Paper #34 - ISHA Annual Scientific Meeting 2016

Endoscopic Shelf Acetabuloplasty After Failed Hip Arthroscopic Labral Repair And Capsular Closure In Patients With Developmental Dysplasia Of The Hip.

Shiho Kanezaki, MD, PhD, Kitakyushu JAPAN
Hirotaka Nakashima, MD, Kitakyushu JAPAN
Akihisa Hatakeyama, MD, Kitakyushu JAPAN
Yoichi Murata, MD, Kitakyushu JAPAN
Soshi Uchida, MD, PhD, Kitakyushu, Fukuoka JAPAN

Wakamatsu Hospital of the University of Occupational and Environmental Health, Kitakyushu, Fukuoka, JAPAN

FDA Status Not Applicable

Summary: Endoscopic shelf acetabuloplasty could provide favorable clinical outcomes following failed arthroscopic labral repair in patients with DDH and borderline DDH.

Abstract:
Background and purpose Hip arthroscopic labral preservation (repair or reconstruction) is increasingly defined as an unacceptable tool for treating developmental dysplasia of the hip (DDH). We devised new entirely endoscopic shelf acetabuloplasty for treating patients with DDH. However, there is a dearth of knowledge regarding how the results of endoscopic shelf acetabuloplasty is affected by a prior hip arthroscopic labral preservation in the presence of underlying DDH. The purpose of this study was to clarify clinical outcomes following endoscopic shelf acetabuloplasty after failed hip arthroscopic labral repair in patients with DDH. Materials and Methods Between January 2012 and December 2013, 10 hips in 9 symptomatic patients of DDH and borderline DDH (center edge (CE) angle< 25 degree) were poor outcome of arthroscopic labral repair and underwent subsequent endoscopic shelf acetabuloplasty.

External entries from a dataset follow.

(* For every TRS $\mathcal{R}$, $\to_\mathcal{R}^*\cdot\to_{\mathsf{CPS}(\mathcal{R})}\cdot\to_\mathcal{R}^* \;=\; \to_\mathcal{R}^*\cdot\to_{\mathsf{PCPS}(\mathcal{R})}\cdot\to_\mathcal{R}^*$; in particular $\mathsf{CPS}(\mathcal{R})/\mathcal{R}$ is terminating if and only if $\mathsf{PCPS}(\mathcal{R})/\mathcal{R}$ is terminating.
   Context: A TRS is a set of rules $\ell\to r$ ($\ell\notin\mathcal{V}$, $\mathcal{V}ar(r)\subseteq\mathcal{V}ar(\ell)$). $\mathcal{P}/\mathcal{R}$ terminating means $\to_\mathcal{R}^*\cdot\to_\mathcal{P}\cdot\to_\mathcal{R}^*$ admits no infinite chain. Critical peak of $\mathcal{R}$: for variants $\ell_1\to r_1,\ell_2\to r_2$ of $\mathcal{R}$-rules without common variables, a function-symbol position $p$ of $\ell_2$, a most general unifier $\sigma$ of $\ell_1$ and $\ell_2|_p$, with $\ell_1\to r_1$ not a variant of $\ell_2\to r_2$ if $p$ is the root: source $s=\ell_2\sigma$, results $t=(\ell_2\sigma)[r_1\sigma]_p$, $u=r_2\sigma$. Parallel critical peak of $\mathcal{R}$: for variants $\ell\to r$ and $\ell_p\to r_p$ ($p\in P$) of $\mathcal{R}$-rules, pairwise variable-disjoint, $P$ a non-empty set of pairwise parallel function-symbol positions of $\ell$, $\sigma$ an mgu of $\{\ell_p\approx\ell|_p\}_{p\in P}$, and $\ell_\epsilon\to r_\epsilon$ not a variant of $\ell\to r$ if $P=\{\epsilon\}$: source $s=\ell\sigma$, results $t=(\ell\sigma)[r_p\sigma]_{p\in P}$, $u=r\sigma$. $\mathsf{CPS}(\mathcal{R})=\{s\to t,s\to u\mid (t,s,u)$ a critical peak$\}$ and $\mathsf{PCPS}(\mathcal{R})=\{s\to t,s\to u\mid(t,s,u)$ a parallel critical peak$\}$. *)

From mathcomp Require Import all_boot.
From Stdlib Require Import Relations.
From Stdlib Require List.

Set Implicit Arguments.
Unset Strict Implicit.
Unset Printing Implicit Defensive.

Section TRS.
Variables (F V : Type).

Inductive term : Type :=
| Var of V
| Fun of F & seq term.

Definition rule := (term * term)%type.

Fixpoint subst (sg : V -> term) (t : term) : term :=
  match t with
  | Var x => sg x
  | Fun f ts => Fun f (map (subst sg) ts)
  end.

Inductive occurs (x : V) : term -> Prop :=
| occ_var : occurs x (Var x)
| occ_fun f ts t : List.In t ts -> occurs x t -> occurs x (Fun f ts).

Definition occurs_rule (x : V) (rl : rule) : Prop := occurs x rl.1 \/ occurs x rl.2.

(* Positions are sequences of (0-based) argument indices. *)
Definition pos := seq nat.

Fixpoint subterm_at (t : term) (p : pos) : option term :=
  match p with
  | [::] => Some t
  | i :: q =>
      match t with
      | Var _ => None
      | Fun _ ts =>
          match List.nth_error ts i with
          | Some u => subterm_at u q
          | None => None
          end
      end
  end.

The mean age of them at the time of subsequent surgery was 42.5 (range, 25-61) years. The mean follow-up period was 2.6 years (range, 32-42 months). Modified Harris hip score (mHHS) and non-arthritic hip score (NAHS) were utilized to evaluate clinical hip function. We assessed plain radiograph and evaluate severity of osteoarthritis by using Tonnis grade. Preoperative mHHS was 56.9 (range, 18.7-77.0) and NAHS was 43.9 (range, 36.0-55.0). Eight hips were Tonnis grade 0, two hips were Tonnis grade 1, and one hip was Tonnis grade 2 preoperatively. For acetabular index, the mean CE angle was 17.8±3.6 (range, 9.0-23.0) degree, Sharp angle was 44.9±2.8 (range, 40.0-50.0) degree, Tonnis angle was 13.4±4.9 (range, 1.6-21.0) degree, and VCA angle was 15.9±7.5 (range, -3.0-24.0). Results CE angle was improved to 43.3±10.1 degree postoperatively (p< 0.05, Wilcoxon signed-rank test), and 33.3±8.2 degree (p< 0.05, Wilcoxon signed-rank test) one year after surgery. The severity of osteoarthritis at the final follow-up was as follows, 7 hips for Tonnis grade 0, one hip for 1, and two hips for 2. The mean mHHS improved to 90.5 (range, 77.0-100.0) at the final-follow up (p< 0.05, Wilcoxon signed-rank test). The mean NAHS improved to 60.9 (range, 39.0-74.0) at the final-follow up (p< 0.05, Wilcoxon signed-rank test). Conclusion Endoscopic shelf acetabuloplasty could provide favorable clinical outcomes following failed arthroscopic labral repair in patients with DDH and borderline DDH.